B. It can be used as an intrusion detection system for large areas.
C. It produces a balance between the electric capacitance and inductance of an object.
D. It can detect if an intruder comes within a certain range of an object.
B. An electrostatic IDS creates an electrostatic field, which is just an electric field associated with static electric charges. The IDS creates a balanced electrostatic field between itself and the object being monitored. If an intruder comes within a certain range of the monitored object, there is capacitance change.
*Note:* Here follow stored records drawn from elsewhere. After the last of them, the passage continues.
(* Let $\mathcal{G}^s$ be an SCG, consider the effect $P(y_t\mid \text{do}(x^1_{t-\gamma_1}),\dots,\text{do}(x^n_{t-\gamma_n}))$, let $F\in\mathcal{V}^s$ and fix an intervention $X^i_{t-\gamma_i}$. The following are equivalent: 1. There exists $t_f\in\mathbb{Z}$ such that $F_{t_f}$ is both $X^i_{t-\gamma_i}$-$\mathcal{NC}$-accessible and $Y_t$-$\mathcal{NC}$-accessible. 2. $t_{\mathcal{NC}}(F)\le t^{\mathcal{NC}}_{X^i_{t-\gamma_i}}(F)$ and $t_{\mathcal{NC}}(F)\le t^{\mathcal{NC}}_{Y_t}(F)$.
   Context: Let $\mathcal{V}$ be a finite set of time series, $\mathcal{V}^f=\{X_s: X\in\mathcal{V},s\in\mathbb{Z}\}$. An FTCG is a DAG on $\mathcal{V}^f$ whose edges $X_s\to Z_{s'}$ satisfy $s\le s'$. The SCG reduced from an FTCG $\mathcal{G}^f$ is $\mathcal{G}^s=(\mathcal{V}^s,\mathcal{E}^s)$, $\mathcal{V}^s=\mathcal{V}$, with $X\to Z$ iff $\mathcal{G}^f$ has an edge $X_{s-\gamma}\to Z_s$ with $\gamma\ge0$. An SCG is a graph reduced from some FTCG; $\mathcal{C}(\mathcal{G}^s)$ is the class of candidate FTCGs (those from which $\mathcal{G}^s$ is reduced). Descendants are via directed paths (a vertex is its own descendant). A path from set $\mathbf{A}$ to $\mathbf{B}$ is proper if only its first vertex is in $\mathbf{A}$. $\text{Forb}(\mathbf{X},\mathbf{Y},\mathcal{G})$: all descendants of any $W\notin\mathbf{X}$ on a proper directed path from $\mathbf{X}$ to $\mathbf{Y}$. Effect setup: fix $Y\in\mathcal{V}^s$, time $t$, interventions $X^1_{t-\gamma_1},\dots,X^n_{t-\gamma_n}$ (distinct vertices of $\mathcal{V}^f$) with $\gamma_i\ge0$ and $Y$ a descendant of every $X^i$ in $\mathcal{G}^s$. $\mathcal{X}^f=\{X^i_{t-\gamma_i}\}_i$. $\mathcal{CF}=\bigcup_{\mathcal{G}^f\in\mathcal{C}(\mathcal{G}^s)}\text{Forb}(\mathcal{X}^f,Y_t,\mathcal{G}^f)$, $\mathcal{NC}=\mathcal{CF}\setminus\mathcal{X}^f$, $t_{\mathcal{NC}}(F)=\min\{t_1:F_{t_1}\in\mathcal{NC}\}$ ($\min\emptyset=+\infty$). For $V_{t_v}\in\mathcal{V}^f$, $F_{t_1}\in\mathcal{V}^f\setminus\{V_{t_v}\}$ is $V_{t_v}$-$\mathcal{NC}$-accessible if some candidate FTCG contains a directed path from $F_{t_1}$ to $V_{t_v}$ all of whose vertices except possibly $V_{t_v}$ lie in $\mathcal{NC}$; $t^{\mathcal{NC}}_{V_{t_v}}(F)=\max\{t_1: F_{t_1}\text{ is }V_{t_v}\text{-}\mathcal{NC}\text{-accessible}\}$ ($\max\emptyset=-\infty$). *)

From Stdlib Require Import ZArith ClassicalEpsilon.
From Stdlib Require List.
From mathcomp Require Import all_boot.
Set Implicit Arguments. Unset Strict Implicit. Unset Printing Implicit Defensive.

Inductive extZ := NegInf | Fin (z : Z) | PosInf.

Definition extZ_le (a b : extZ) : Prop :=
  match a, b with
  | NegInf, _ => True
  | _, PosInf => True
  | Fin x, Fin y => (x <= y)%Z
  | _, _ => False
  end.

(** min of a set of integers, with min ∅ = +oo
    (and -oo for a nonempty set without least element, i.e. its infimum). *)
Definition ext_min (P : Z -> Prop) : extZ :=
  match excluded_middle_informative
          (exists z, P z /\ forall w, P w -> (z <= w)%Z) with
  | left H => Fin (proj1_sig (constructive_indefinite_description _ H))
  | right _ => if excluded_middle_informative (exists z, P z)
               then NegInf else PosInf
  end.

(** max of a set of integers, with max ∅ = -oo (+oo if unbounded above). *)
Definition ext_max (P : Z -> Prop) : extZ :=
  match excluded_middle_informative
          (exists z, P z /\ forall w, P w -> (w <= z)%Z) with
  | left H => Fin (proj1_sig (constructive_indefinite_description _ H))
  | right _ => if excluded_middle_informative (exists z, P z)
               then PosInf else NegInf
  end.

(** Directed walks: [chain E x l] says x :: l is a directed path in E. *)
Fixpoint chain {T : Type} (E : T -> T -> Prop) (x : T) (l : list T) : Prop :=
  match l with
  | nil => True
  | y :: l' => E x y /\ chain E y l'
  end.

(** b is a descendant of a (reflexive: every vertex is its own descendant). *)
Definition descendant {T : Type} (E : T -> T -> Prop) (a b : T) : Prop :=
  exists l, chain E a l /\ last a l = b.

Definition acyclic {T : Type} (E : T -> T -> Prop) : Prop :=
  forall x l, chain E x l -> l <> nil -> last x l <> x.

(** Vertices of the full-time graph: X_s is (X, s). *)
Definition vtx (V : finType) := (V * Z)%type.

Definition is_FTCG (V : finType) (E : vtx V -> vtx V -> Prop) : Prop :=
  (forall X s W s', E (X, s) (W, s') -> (s <= s')%Z) /\ acyclic E.

Definition reduces (V : finType) (E : vtx V -> vtx V -> Prop)
  (Gs : V -> V -> Prop) : Prop :=
  forall X W : V, Gs X W <->
    exists (s g : Z), (0 <= g)%Z /\ E (X, (s - g)%Z) (W, s).

Definition is_SCG (V : finType) (Gs : V -> V -> Prop) : Prop :=
  exists E, is_FTCG E /\ reduces E Gs.

Definition candidate (V : finType) (Gs : V -> V -> Prop)
  (E : vtx V -> vtx V -> Prop) : Prop :=
  is_FTCG E /\ reduces E Gs.

Definition on_proper_path {T : Type} (E : T -> T -> Prop) (A : T -> Prop)
  (b w : T) : Prop :=
  exists a l, A a /\ chain E a l /\ last a l = b /\
    (forall v, List.In v l -> ~ A v) /\ List.In w (a :: l).

Definition Forb {T : Type} (E : T -> T -> Prop) (A : T -> Prop) (b : T)
  : T -> Prop :=
  fun v => exists w, ~ A w /\ on_proper_path E A b w /\ descendant E w v.

Definition interv (V : finType) (n : nat) (Xv : 'I_n -> V) (gam : 'I_n -> nat)
  (t : Z) (i : 'I_n) : vtx V := (Xv i, (t - Z.of_nat (gam i))%Z).

Definition Xf (V : finType) (n : nat) (Xv : 'I_n -> V) (gam : 'I_n -> nat)
  (t : Z) : vtx V -> Prop :=
  fun v => exists i, v = interv Xv gam t i.

Definition CF (V : finType) (Gs : V -> V -> Prop) (n : nat) (Xv : 'I_n -> V)
  (gam : 'I_n -> nat) (Y : V) (t : Z) : vtx V -> Prop :=
  fun v => exists E, candidate Gs E /\ Forb E (Xf Xv gam t) (Y, t) v.

Definition NC (V : finType) (Gs : V -> V -> Prop) (n : nat) (Xv : 'I_n -> V)
  (gam : 'I_n -> nat) (Y : V) (t : Z) : vtx V -> Prop :=
  fun v => CF Gs Xv gam Y t v /\ ~ Xf Xv gam t v.

Definition t_NC (V : finType) (Gs : V -> V -> Prop) (n : nat) (Xv : 'I_n -> V)
  (gam : 'I_n -> nat) (Y : V) (t : Z) (F : V) : extZ :=
  ext_min (fun t1 => NC Gs Xv gam Y t (F, t1)).

Definition NC_accessible (V : finType) (Gs : V -> V -> Prop) (n : nat)
  (Xv : 'I_n -> V) (gam : 'I_n -> nat) (Y : V) (t : Z)
  (target f : vtx V) : Prop :=
  f <> target /\
  exists E, candidate Gs E /\
    exists l, chain E f l /\ last f l = target /\
      (forall v, List.In v (f :: l) -> v <> target -> NC Gs Xv gam Y t v).

Definition t_acc (V : finType) (Gs : V -> V -> Prop) (n : nat)
  (Xv : 'I_n -> V) (gam : 'I_n -> nat) (Y : V) (t : Z)
  (target : vtx V) (F : V) : extZ :=
  ext_max (fun t1 => NC_accessible Gs Xv gam Y t target (F, t1)).

From Stdlib Require Import ZArith Zwf Lia Classical ClassicalEpsilon.
From mathcomp Require Import all_boot.

(* 1 => 2 is just t_NC(F) <= t_f <= t^NC(F) for each target.  For 2 => 1,
   every vertex of NC is a descendant of an intervention, so it lies after
   time t - max gamma_i; hence the times of F in NC, which are nonempty by 2,
   have a least element m.  An accessible F_{t1} has t1 >= m, and F_m becomes
   accessible to the same target by adding to the witnessing candidate FTCG
   the edge F_m -> W_s parallel to the first edge F_{t1} -> W_s of the path:
   the new edge goes strictly forward in time (so no cycle appears) and
   projects onto an existing SCG edge, so the graph stays a candidate, while
   NC, a union over all candidates, does not change. *)

Set Implicit Arguments.
Unset Strict Implicit.

Local Open Scope Z_scope.

Section ExtendedBounds.

Variable P : Z -> Prop.

Lemma ext_min_le_Fin z : P z -> extZ_le (ext_min P) (Fin z).
Proof.
intros Hz; unfold ext_min.
destruct (excluded_middle_informative _) as [H|H].
- destruct (constructive_indefinite_description _ H) as [m [Pm Hm]]; simpl; auto.
- destruct (excluded_middle_informative _) as [Hex|Hno]; [exact I|].
  exfalso; apply Hno; eauto.
Qed.

Lemma Fin_le_ext_max z : P z -> extZ_le (Fin z) (ext_max P).
Proof.
intros Hz; unfold ext_max.
destruct (excluded_middle_informative _) as [H|H].
- destruct (constructive_indefinite_description _ H) as [m [Pm Hm]]; simpl; auto.
- destruct (excluded_middle_informative _) as [Hex|Hno]; [exact I|].
  exfalso; apply Hno; eauto.
Qed.

Lemma ext_max_inhabited a :
  a <> NegInf -> extZ_le a (ext_max P) -> exists z, P z.
Proof.
intros Ha Hle; apply NNPP; intro Hno; unfold ext_max in Hle.
destruct (excluded_middle_informative _) as [[z [Hz Hzmax]]|Hnomax].
{ exact (Hno (ex_intro _ z Hz)). }
destruct (excluded_middle_informative _) as [Hex|Hnone]; [contradiction|].
destruct a; simpl in Hle; congruence.
Qed.

Lemma Z_bounded_below_has_min L :
  (forall w, P w -> L <= w) -> (exists z, P z) ->
  exists m, P m /\ forall w, P w -> m <= w.
Proof.
intros HL [z Hz]; apply NNPP; intro Hno.
assert (Hempty : forall w, ~ P w).
{ intro w; induction w as [w IH] using (well_founded_ind (Zwf_well_founded L)).
  intro Hw; apply Hno; exists w; split; [exact Hw|].
  intros w' Hw'; destruct (Z_le_gt_dec w w') as [|Hlt]; [assumption|].
  exfalso; apply (IH w'); [split; [apply HL|lia]|]; assumption. }
exact (Hempty z Hz).
Qed.

Lemma ext_min_bounded_below L :
  (forall w, P w -> L <= w) -> ext_min P <> NegInf.
Proof.
intros HL; unfold ext_min.
destruct (excluded_middle_informative _) as [Hmin|Hno]; [discriminate|].
destruct (excluded_middle_informative _) as [Hex|Hnone]; [|discriminate].
exfalso; exact (Hno (Z_bounded_below_has_min HL Hex)).
Qed.

End ExtendedBounds.

Lemma extZ_le_trans_Fin a z b :
  extZ_le a (Fin z) -> extZ_le (Fin z) b -> extZ_le a b.
Proof. destruct a, b; simpl; intros; solve [tauto | lia]. Qed.

Section Chains.

Variable T : Type.

Lemma last_In (x : T) l : List.In (last x l) (x :: l).
Proof.
revert x; induction l as [|y l IH]; intros x; [left; reflexivity|right; apply IH].
Qed.

Lemma chain_sub (E E' : T -> T -> Prop) x l :
  (forall u v, E u v -> E' u v) -> chain E x l -> chain E' x l.
Proof.
intros HE; revert x; induction l as [|y l IH]; simpl; auto.
intros x [Hxy Hc]; auto.
Qed.

Lemma chain_monotone (E : T -> T -> Prop) (f : T -> Z) x l :
  (forall u v, E u v -> f u <= f v) -> chain E x l ->
  forall w, List.In w (x :: l) -> f x <= f w.
Proof.
intros Hf; revert x; induction l as [|y l IH]; simpl; intros x Hc w Hw.
- destruct Hw as [<-|[]]; lia.
- destruct Hc as [Hxy Hc]; destruct Hw as [<-|Hw]; [lia|].
  specialize (IH y Hc w Hw); specialize (Hf _ _ Hxy); lia.
Qed.

Lemma acyclic_union_increasing (E R : T -> T -> Prop) (f : T -> Z) :
  (forall u v, E u v -> f u <= f v) -> (forall u v, R u v -> f u < f v) ->
  acyclic E -> acyclic (fun u v => E u v \/ R u v).
Proof.
intros HE HR Hacyc.
assert (Hmono : forall u v, E u v \/ R u v -> f u <= f v).
{ intros u v [H|H]; [apply HE|apply Z.lt_le_incl, HR]; exact H. }
assert (Hsplit : forall x l, chain (fun u v => E u v \/ R u v) x l ->
                   chain E x l \/ f x < f (last x l)).
{ intros x l; revert x; induction l as [|y l IH]; simpl; intros x Hc; [left; exact I|].
  destruct Hc as [Hxy Hc].
  pose proof (chain_monotone Hmono Hc (last_In y l)) as Hyl.
  destruct Hxy as [Hxy|Hxy].
  - destruct (IH y Hc) as [H|H]; [left; split; assumption|right].
    specialize (HE _ _ Hxy); lia.
  - right; specialize (HR _ _ Hxy); lia. }
intros x l Hc Hnil Hlast.
destruct (Hsplit x l Hc) as [H|H].
- exact (Hacyc x l H Hnil Hlast).
- rewrite Hlast in H; lia.
Qed.

End Chains.

Definition add_edge {T : Type} (E : T -> T -> Prop) (a b : T) : T -> T -> Prop :=
  fun u v => E u v \/ (u = a /\ v = b).

Lemma FTCG_time_mono (V : finType) (E : vtx V -> vtx V -> Prop) u v :
  is_FTCG E -> E u v -> u.2 <= v.2.
Proof. destruct u, v; intros [Htime _]; eapply Htime. Qed.

Lemma candidate_add_edge (V : finType) (Gs : V -> V -> Prop)
  (E : vtx V -> vtx V -> Prop) (a b : vtx V) :
  candidate Gs E -> Gs a.1 b.1 -> a.2 < b.2 -> candidate Gs (add_edge E a b).
Proof.
intros [HE Hred] Hab Htime; split; [split|].
- intros X s W s' [H|[Ha Hb]]; [eapply HE; exact H|].
  subst a b; simpl in Htime; lia.
- apply (acyclic_union_increasing (R := fun u v => u = a /\ v = b) (f := snd)).
  + intros u v; apply FTCG_time_mono, HE.
  + intros u v [-> ->]; exact Htime.
  + apply HE.
- intros X W; split.
  + intros HXW; destruct (proj1 (Hred X W) HXW) as [s [g [Hg H]]].
    exists s, g; split; [|left]; assumption.
  + intros [s [g [Hg [H|[Ha Hb]]]]]; [apply Hred; exists s, g; auto|].
    subst a b; exact Hab.
Qed.

Section Accessibility.

Variables (V : finType) (Gs : V -> V -> Prop) (n : nat) (Xv : 'I_n -> V)
  (gam : 'I_n -> nat) (Y : V) (t : Z).

Lemma NC_time_lower_bound v :
  NC Gs Xv gam Y t v -> t - Z.of_nat (\max_(j < n) gam j) <= v.2.
Proof.
intros [[E [HE [w [_ [Hpath [l2 [Hc2 Hl2]]]]]]] _].
destruct Hpath as [a [l [[j ->] [Hc [_ [_ Hw]]]]]].
pose proof (chain_monotone (fun u v => FTCG_time_mono (proj1 HE)) Hc Hw) as Haw.
pose proof (chain_monotone (fun u v => FTCG_time_mono (proj1 HE)) Hc2 (last_In w l2))
  as Hwv.
assert (Hj : (gam j <= \max_(k < n) gam k)%coq_nat)
  by exact (elimT leP (leq_bigmax (F := gam) j)).
rewrite Hl2 in Hwv; unfold interv in Haw; simpl in Haw, Hwv; lia.
Qed.

Lemma NC_accessible_NC T f :
  NC_accessible Gs Xv gam Y t T f -> NC Gs Xv gam Y t f.
Proof.
intros [Hne [_ [_ [l [_ [_ Hnc]]]]]]; apply Hnc; [left; reflexivity|exact Hne].
Qed.

Lemma NC_accessible_earlier T F t1 m :
  NC_accessible Gs Xv gam Y t T (F, t1) -> m <= t1 ->
  NC Gs Xv gam Y t (F, m) -> NC_accessible Gs Xv gam Y t T (F, m).
Proof.
intros Hacc Hm HF.
destruct (Z.eq_dec m t1) as [->|Hne]; [exact Hacc|].
destruct Hacc as [HneT [E [HE [l [Hc [Hl Hnc]]]]]].
destruct l as [|[W s] l]; [contradiction|].
destruct Hc as [Hfirst Hc]; simpl in Hl.
assert (Hts : t1 <= s) by exact (FTCG_time_mono (proj1 HE) Hfirst).
assert (HsT : s <= T.2).
{ rewrite <- Hl.
  exact (chain_monotone (fun u v => FTCG_time_mono (proj1 HE)) Hc (last_In _ l)). }
split; [intros HmT; rewrite <- HmT in HsT; simpl in HsT; lia|].
exists (add_edge E (F, m) (W, s)); split.
- apply candidate_add_edge; [exact HE| |simpl; lia].
  apply (proj2 HE); exists s, (s - t1); split; [lia|].
  replace (s - (s - t1)) with t1 by lia; exact Hfirst.
- exists ((W, s) :: l); split; [|split; [exact Hl|]].
  + split; [right; auto|].
    apply (chain_sub (E := E)); [intros u v H; left; exact H|exact Hc].
  + intros v [<-|Hv] HvT; [exact HF|].
    apply Hnc; [right|]; assumption.
Qed.

End Accessibility.

Theorem corollary1 (V : finType) (Gs : V -> V -> Prop) (Y : V) (t : Z)
  (n : nat) (Xv : 'I_n -> V) (gam : 'I_n -> nat)
  (hSCG : is_SCG Gs)
  (hdistinct : injective (interv Xv gam t))
  (hdesc : forall i, descendant Gs (Xv i) Y)
  (F : V) (i : 'I_n) :
  (exists tf : Z,
      NC_accessible Gs Xv gam Y t (interv Xv gam t i) (F, tf) /\
      NC_accessible Gs Xv gam Y t (Y, t) (F, tf))
  <->
  (extZ_le (t_NC Gs Xv gam Y t F) (t_acc Gs Xv gam Y t (interv Xv gam t i) F) /\
   extZ_le (t_NC Gs Xv gam Y t F) (t_acc Gs Xv gam Y t (Y, t) F)).
Proof.
split.
- intros [tf [HX HY]].
  pose proof (ext_min_le_Fin (P := fun t1 => NC Gs Xv gam Y t (F, t1))
                (NC_accessible_NC HX)) as Hmin.
  split; eapply extZ_le_trans_Fin; try exact Hmin; apply Fin_le_ext_max; assumption.
- intros [HX HY].
  assert (Hbound : forall w, NC Gs Xv gam Y t (F, w) ->
                     t - Z.of_nat (\max_(j < n) gam j) <= w).
  { intros w Hw; exact (NC_time_lower_bound Hw). }
  pose proof (ext_min_bounded_below Hbound) as Hfin.
  destruct (ext_max_inhabited Hfin HX) as [t1 H1].
  destruct (ext_max_inhabited Hfin HY) as [t2 H2].
  destruct (Z_bounded_below_has_min Hbound (ex_intro _ t1 (NC_accessible_NC H1)))
    as [m [Hm Hleast]].
  exists m; split; eapply NC_accessible_earlier; eauto using NC_accessible_NC.
Qed.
The IDS can detect this change and sound an alarm.
What is a common problem with vibration-detection devices used for perimeter security?
A. They can be defeated by emitting the right electrical signals in the protected area.
B. The power source is easily disabled.
C. They cause false alarms.
D. They interfere with computing devices.
C. This type of system is sensitive to sounds and vibrations and detects the changes in the noise level of an area it is placed within. This level of sensitivity can cause many false alarms. These devices do not emit any waves; they only listen for sounds within an area and are considered passive devices.
Which of the following is an example of glare protection?
A. Using automated iris lenses with short focal lengths
B. Using standby lighting, which is produced by a CCTV camera
C. Directing light toward entry points and away from a security force post
D. Ensuring that the lighting system uses positive pressure
C. When lighting is installed, it should be directed toward areas where potential intruders would most likely be coming from, and directed away from the security force posts. For example, lighting should be pointed at gates or exterior access points, and the guard locations should be in the shadows, or under a lower amount of illumination. This is referred to as “glare protection” for the security force.
Which of the following is not a main component of CPTED? A. Natural access control B. Natural surveillance C. Territorial reinforcement D. Target hardening
D. Natural access control is the use of the environment to control access to entry points, such as using landscaping and bollards. An example of natural surveillance is the construction of pedestrian walkways so there is a clear line of sight of all the activities in the surroundings. Territorial reinforcement gives people a sense of ownership of a property, giving them a greater tendency to protect it. These concepts are all parts of CPTED. Target hardening has to do with implementing locks, security guards, and proximity devices.
Which problems may be caused by humidity in an area with electrical devices?
A. High humidity causes excess electricity, and low humidity causes corrosion.
B. High humidity causes corrosion, and low humidity causes static electricity.
C. High humidity causes power fluctuations, and low humidity causes static electricity.
D. High humidity causes corrosion, and low humidity causes power fluctuations.
B. High humidity can cause corrosion, and low humidity can cause excessive static electricity. Static electricity can short-out devices or cause loss of information.
What does positive pressurization pertaining to ventilation mean?
A. When a door opens, the air comes in.
B. When a fire takes place, the power supply is disabled.
C. When a fire takes place, the smoke is diverted to one room.
D. When a door opens, the air goes out.
D. Positive pressurization means that when someone opens a door, the air goes out, and outside air does not come in. If a facility were on fire and the doors were opened, positive pressure would cause the smoke to go out instead of being pushed back into the building.
Which of the following answers contains a category of controls that does not belong in a physical security program? A. Deterrence and delaying B. Response and detection C. Assessment and detection D. Delaying and lighting
D. The categories of controls that should make up any physical security program are deterrence, delaying, detection, assessment, and response. Lighting is a control itself, not a category of controls.